(* For $n=0,1,2,\dots$ let $\alpha_n=1/(n+1)!$, let $\beta_0=0$, $\beta_{n+1}=\sum_{k=0}^{n}\frac{1}{k!(k+2)!}$, and $\beta=\lim_{n\to\infty}\beta_n$. Define $f:\mathbb{R}\to\mathbb{R}$ by $f(x)=x$ if $x>1$; $f(x)=\alpha_{n+1}x+\beta_{n+1}$ if $\alpha_{n+1}<x\le\alpha_n$ ($n=0,1,2,\dots$); $f(0)=\beta$; and $f(x)=f(-x)$ if $x<0$. Then $f$ is continuous and convex with global minimizer $\bar x=0$, and $$T_{\operatorname{gph}\partial_p f}(0,0)=\{(w,z)\mid 0\le z\le w\}\cup\{(w,z)\mid 0\ge z\ge w\}.$$ Consequently, for each $w\in\operatorname{dom}D(\partial_p f)(0|0)$ with $|w|=1$ there is $z\in D(\partial_p f)(0|0)(w)$ with $zw\ge1$ (the sufficient condition of the second kind holds with $\kappa=1$), yet there exist $w\neq0$ and $z\in D(\partial f)(0|0)(w)$ with $zw=0$, and $0$ is not a strong local minimizer of $f$ (the quadratic growth condition fails at $0$).
   Context: The proximal subdifferential is $\partial_p f(\bar x)=\{v\mid \liminf_{x\to\bar x}\frac{f(x)-f(\bar x)-\langle v,x-\bar x\rangle}{\|x-\bar x\|^2}>-\infty\}$; for convex $f$ it coincides with the convex and limiting subdifferential $\partial f$. The tangent cone is $T_\Omega(\bar u)=\{v\mid \exists t_k\downarrow0,\ v_k\to v,\ \bar u+t_kv_k\in\Omega\}$, and $DF(\bar x|\bar y)(w)=\{z\mid (w,z)\in T_{\operatorname{gph}F}(\bar x,\bar y)\}$. $\bar x$ is a strong local minimizer if there are $\kappa,\gamma>0$ with $f(x)-f(\bar x)\ge\frac\kappa2|x-\bar x|^2$ for $|x-\bar x|\le\gamma$. *)

From Stdlib Require Import Reals Lra Lia Arith Factorial Classical ClassicalEpsilon.
Open Scope R_scope.

Definition alpha (n : nat) : R := / INR (fact (S n)).

Definition beta (n : nat) : R :=
  match n with
  | O => 0
  | S m => sum_f_R0 (fun k => / (INR (fact k) * INR (fact (k + 2)))) m
  end.

Definition piece_index (x : R) : nat :=
  epsilon (inhabits O) (fun n => alpha (S n) < x <= alpha n).

(* f on [0, +oo), with the value b = lim beta_n at 0. *)
Definition f_nonneg (b : R) (x : R) : R :=
  if Rlt_dec 1 x then x
  else if Req_EM_T x 0 then b
  else alpha (S (piece_index x)) * x + beta (S (piece_index x)).

Definition fex (b : R) (x : R) : R := f_nonneg b (Rabs x).

Definition convex_fun (f : R -> R) : Prop :=
  forall x y t, 0 <= t <= 1 ->
    f (t * x + (1 - t) * y) <= t * f x + (1 - t) * f y.

(* Proximal subdifferential: liminf_{x -> xb} (f x - f xb - v (x - xb)) / |x - xb|^2 > -oo,
   i.e. the quotient is bounded below on a punctured neighbourhood of xb. *)
Definition prox_subdiff (f : R -> R) (xb v : R) : Prop :=
  exists M delta, 0 < delta /\
    forall x, 0 < Rabs (x - xb) < delta ->
      (f x - f xb - v * (x - xb)) / (Rabs (x - xb)) ^ 2 >= M.

Definition conv_subdiff (f : R -> R) (xb v : R) : Prop :=
  forall x, f xb + v * (x - xb) <= f x.

Definition tangent_cone (Omega : R * R -> Prop) (u v : R * R) : Prop :=
  exists (t : nat -> R) (vk : nat -> R * R),
    (forall k, 0 < t k) /\ Un_cv t 0 /\
    Un_cv (fun k => fst (vk k)) (fst v) /\ Un_cv (fun k => snd (vk k)) (snd v) /\
    (forall k, Omega (fst u + t k * fst (vk k), snd u + t k * snd (vk k))).

Definition gph (F : R -> R -> Prop) (p : R * R) : Prop := F (fst p) (snd p).

Definition graph_deriv (F : R -> R -> Prop) (xb yb w z : R) : Prop :=
  tangent_cone (gph F) (xb, yb) (w, z).

Definition strong_local_min (f : R -> R) (xb : R) : Prop :=
  exists kappa gamma, 0 < kappa /\ 0 < gamma /\
    forall x, Rabs (x - xb) <= gamma -> f x - f xb >= kappa / 2 * (Rabs (x - xb)) ^ 2.

From Stdlib Require Import Reals Lra Lia Arith Factorial ClassicalEpsilon.
Open Scope R_scope.

(* The function f = fex b is the even extension of a piecewise affine function
   on [0, +oo): on (alpha (n+1), alpha n] it coincides with the affine piece
   [piece n] of slope alpha (n+1), two consecutive pieces meet exactly at the
   kink alpha (n+1), and every piece lies below f.  Hence:
   - every x has a convex subgradient s lying between 0 and x with |s| <= 1
     (the slope of a supporting piece, of the identity, or the constant b);
     convexity, 1-Lipschitz continuity and minimality of 0 follow at once;
   - for such a function every proximal subgradient v at x lies between 0
     and x, so the graph of the proximal subdifferential lies in the closed
     cone S = {(w,z) | z between 0 and w}, hence so does its tangent cone;
   - conversely at each kink alpha (n+1) every slope between the two adjacent
     slopes alpha (n+2) = alpha (n+1)/(n+3) and alpha (n+1) is a subgradient,
     and since alpha (n+1) -> 0 these kinks realise every ray of S;
   - f (alpha n) - f 0 <= alpha n ^ 2 / (n+2), so quadratic growth fails. *)

Lemma cv_const (c : R) : Un_cv (fun _ => c) c.
Proof.
  intros e He. exists 0%nat. intros n _. unfold R_dist.
  rewrite Rminus_diag, Rabs_R0. lra.
Qed.

Lemma cv_of_inv_bound (u : nat -> R) (l : R) :
  (forall n, Rabs (u n - l) <= / (INR n + 1)) -> Un_cv u l.
Proof.
  intros Hu e He. destruct (RinvN_cv He) as [N HN]. exists N. intros n Hn.
  specialize (HN n Hn). unfold R_dist, Rdist in *. simpl in HN.
  rewrite Rminus_0_r, Rabs_right in HN by (apply Rle_ge, Rlt_le, RinvN_pos).
  specialize (Hu n). lra.
Qed.

Lemma le_of_le_plus_small (c d K delta : R) : 0 < delta ->
  (forall e, 0 < e < delta -> c <= d + K * e) -> c <= d.
Proof.
  intros Hdelta H. apply Rle_plus_epsilon. intros eps Heps.
  pose proof (Rabs_pos K) as HK.
  set (e := Rmin (delta / 2) (eps / (Rabs K + 1))).
  assert (He : 0 < e) by (apply Rmin_glb_lt; apply Rdiv_lt_0_compat; lra).
  assert (He_delta : e < delta).
  { pose proof (Rmin_l (delta / 2) (eps / (Rabs K + 1))) as Hl. fold e in Hl. lra. }
  assert (He_eps : (Rabs K + 1) * e <= eps).
  { pose proof (Rmin_r (delta / 2) (eps / (Rabs K + 1))) as Hr. fold e in Hr.
    apply Rmult_le_compat_l with (r := Rabs K + 1) in Hr; [|lra].
    unfold Rdiv in Hr. rewrite (Rmult_comm eps), <- Rmult_assoc, Rinv_r, Rmult_1_l in Hr; lra. }
  assert (K * e <= Rabs K * e) by (apply Rmult_le_compat_r; [lra | apply Rle_abs]).
  specialize (H e (conj He He_delta)). nra.
Qed.

Lemma peak_is_max (g : nat -> R) (p : nat) :
  (forall m, (m < p)%nat -> g m <= g (S m)) ->
  (forall m, (p <= m)%nat -> g (S m) <= g m) ->
  forall m, g m <= g p.
Proof.
  intros Hup Hdown.
  assert (Before : forall k m, (m + k)%nat = p -> g m <= g p).
  { induction k as [|k IH]; intros m Hm.
    - replace m with p by lia. lra.
    - apply Rle_trans with (g (S m)); [apply Hup; lia | apply IH; lia]. }
  assert (After : forall k, g (p + k)%nat <= g p).
  { induction k as [|k IH].
    - rewrite Nat.add_0_r. lra.
    - rewrite Nat.add_succ_r. apply Rle_trans with (g (p + k)%nat); [apply Hdown; lia | exact IH]. }
  intro m. destruct (le_lt_dec m p) as [Hm|Hm].
  - apply (Before (p - m)%nat). lia.
  - replace m with (p + (m - p))%nat by lia. apply After.
Qed.

(** * The sequences alpha and beta *)

Lemma alpha_pos (n : nat) : 0 < alpha n.
Proof. unfold alpha. apply Rinv_0_lt_compat, INR_fact_lt_0. Qed.

Lemma alpha_0 : alpha 0 = 1.
Proof. unfold alpha. simpl. lra. Qed.

Lemma alpha_succ (n : nat) : alpha (S n) = alpha n / (INR n + 2).
Proof.
  unfold alpha. rewrite (fact_simpl (S n)), mult_INR.
  replace (INR (S (S n))) with (INR n + 2) by (rewrite !S_INR; ring).
  pose proof (INR_fact_lt_0 (S n)). pose proof (pos_INR n).
  field. lra.
Qed.

Lemma alpha_succ_lt (n : nat) : alpha (S n) < alpha n.
Proof.
  rewrite alpha_succ. pose proof (alpha_pos n). pose proof (pos_INR n).
  apply Rmult_lt_reg_r with (INR n + 2); [lra|].
  unfold Rdiv. rewrite Rmult_assoc, Rinv_l by lra. nra.
Qed.

Lemma alpha_le (m n : nat) : (m <= n)%nat -> alpha n <= alpha m.
Proof. induction 1 as [|n _ IH]; [lra | pose proof (alpha_succ_lt n); lra]. Qed.

Lemma alpha_le_1 (n : nat) : alpha n <= 1.
Proof. rewrite <- alpha_0. apply alpha_le. lia. Qed.

Lemma alpha_le_inv (n : nat) : alpha n <= / (INR n + 1).
Proof.
  unfold alpha. assert (H : (S n <= fact (S n))%nat).
  { rewrite fact_simpl. pose proof (lt_O_fact n). nia. }
  apply le_INR in H. rewrite S_INR in H. pose proof (pos_INR n).
  apply Rinv_le_contravar; lra.
Qed.

Lemma alpha_succ_cv : Un_cv (fun k => alpha (S k)) 0.
Proof.
  apply cv_of_inv_bound. intro n. rewrite Rminus_0_r.
  pose proof (alpha_pos (S n)). rewrite Rabs_right by lra.
  pose proof (alpha_le_inv (S n)). rewrite S_INR in *. pose proof (pos_INR n).
  eapply Rle_trans; [eassumption | apply Rinv_le_contravar; lra].
Qed.

Lemma alpha_eventually_below (x : R) : 0 < x -> exists N, alpha N <= x.
Proof.
  intro Hx. destruct (INR_unbounded (/ x)) as [N HN]. exists N.
  pose proof (alpha_le_inv N). pose proof (Rinv_0_lt_compat x Hx).
  assert (/ (INR N + 1) <= x); [|lra].
  rewrite <- (Rinv_inv x). apply Rinv_le_contravar; lra.
Qed.

(* The increment of beta: it makes consecutive pieces meet at alpha (S n). *)
Lemma beta_increment (n : nat) :
  beta (S (S n)) - beta (S n) = (alpha (S n) - alpha (S (S n))) * alpha (S n).
Proof.
  unfold beta. rewrite tech5. cbv beta.
  replace (S n + 2)%nat with (S (S (S n))) by lia.
  rewrite (alpha_succ (S n)). unfold alpha.
  rewrite (fact_simpl (S (S n))), (fact_simpl (S n)), !mult_INR, !S_INR.
  pose proof (INR_fact_lt_0 (S n)). pose proof (pos_INR n).
  field. lra.
Qed.

Lemma beta_growing : Un_growing beta.
Proof.
  intros [|n].
  - unfold beta. simpl. lra.
  - pose proof (beta_increment n). pose proof (alpha_succ_lt (S n)).
    pose proof (alpha_pos (S n)). nra.
Qed.

(** * The affine pieces *)

(* On (alpha (S n), alpha n] the function f is the affine map [piece n]. *)
Definition piece (n : nat) (x : R) : R := alpha (S n) * x + beta (S n).

Lemma piece_0 (x : R) : piece 0 x = x / 2 + / 2.
Proof. unfold piece, alpha, beta. simpl. lra. Qed.

Lemma piece_difference (n : nat) (x : R) :
  piece n x - piece (S n) x = (alpha (S n) - alpha (S (S n))) * (x - alpha (S n)).
Proof. unfold piece. pose proof (beta_increment n). nra. Qed.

────────────────

In the listing above, find the line containing "specialize (HN n" and the line containing "assert (He_delta : e < delta).", then quote both, plus every line between them, exactly as written.

*ANSWER SPACE*
  specialize (HN n Hn). unfold R_dist, Rdist in *. simpl in HN.
  rewrite Rminus_0_r, Rabs_right in HN by (apply Rle_ge, Rlt_le, RinvN_pos).
  specialize (Hu n). lra.
Qed.

Lemma le_of_le_plus_small (c d K delta : R) : 0 < delta ->
  (forall e, 0 < e < delta -> c <= d + K * e) -> c <= d.
Proof.
  intros Hdelta H. apply Rle_plus_epsilon. intros eps Heps.
  pose proof (Rabs_pos K) as HK.
  set (e := Rmin (delta / 2) (eps / (Rabs K + 1))).
  assert (He : 0 < e) by (apply Rmin_glb_lt; apply Rdiv_lt_0_compat; lra).
  assert (He_delta : e < delta).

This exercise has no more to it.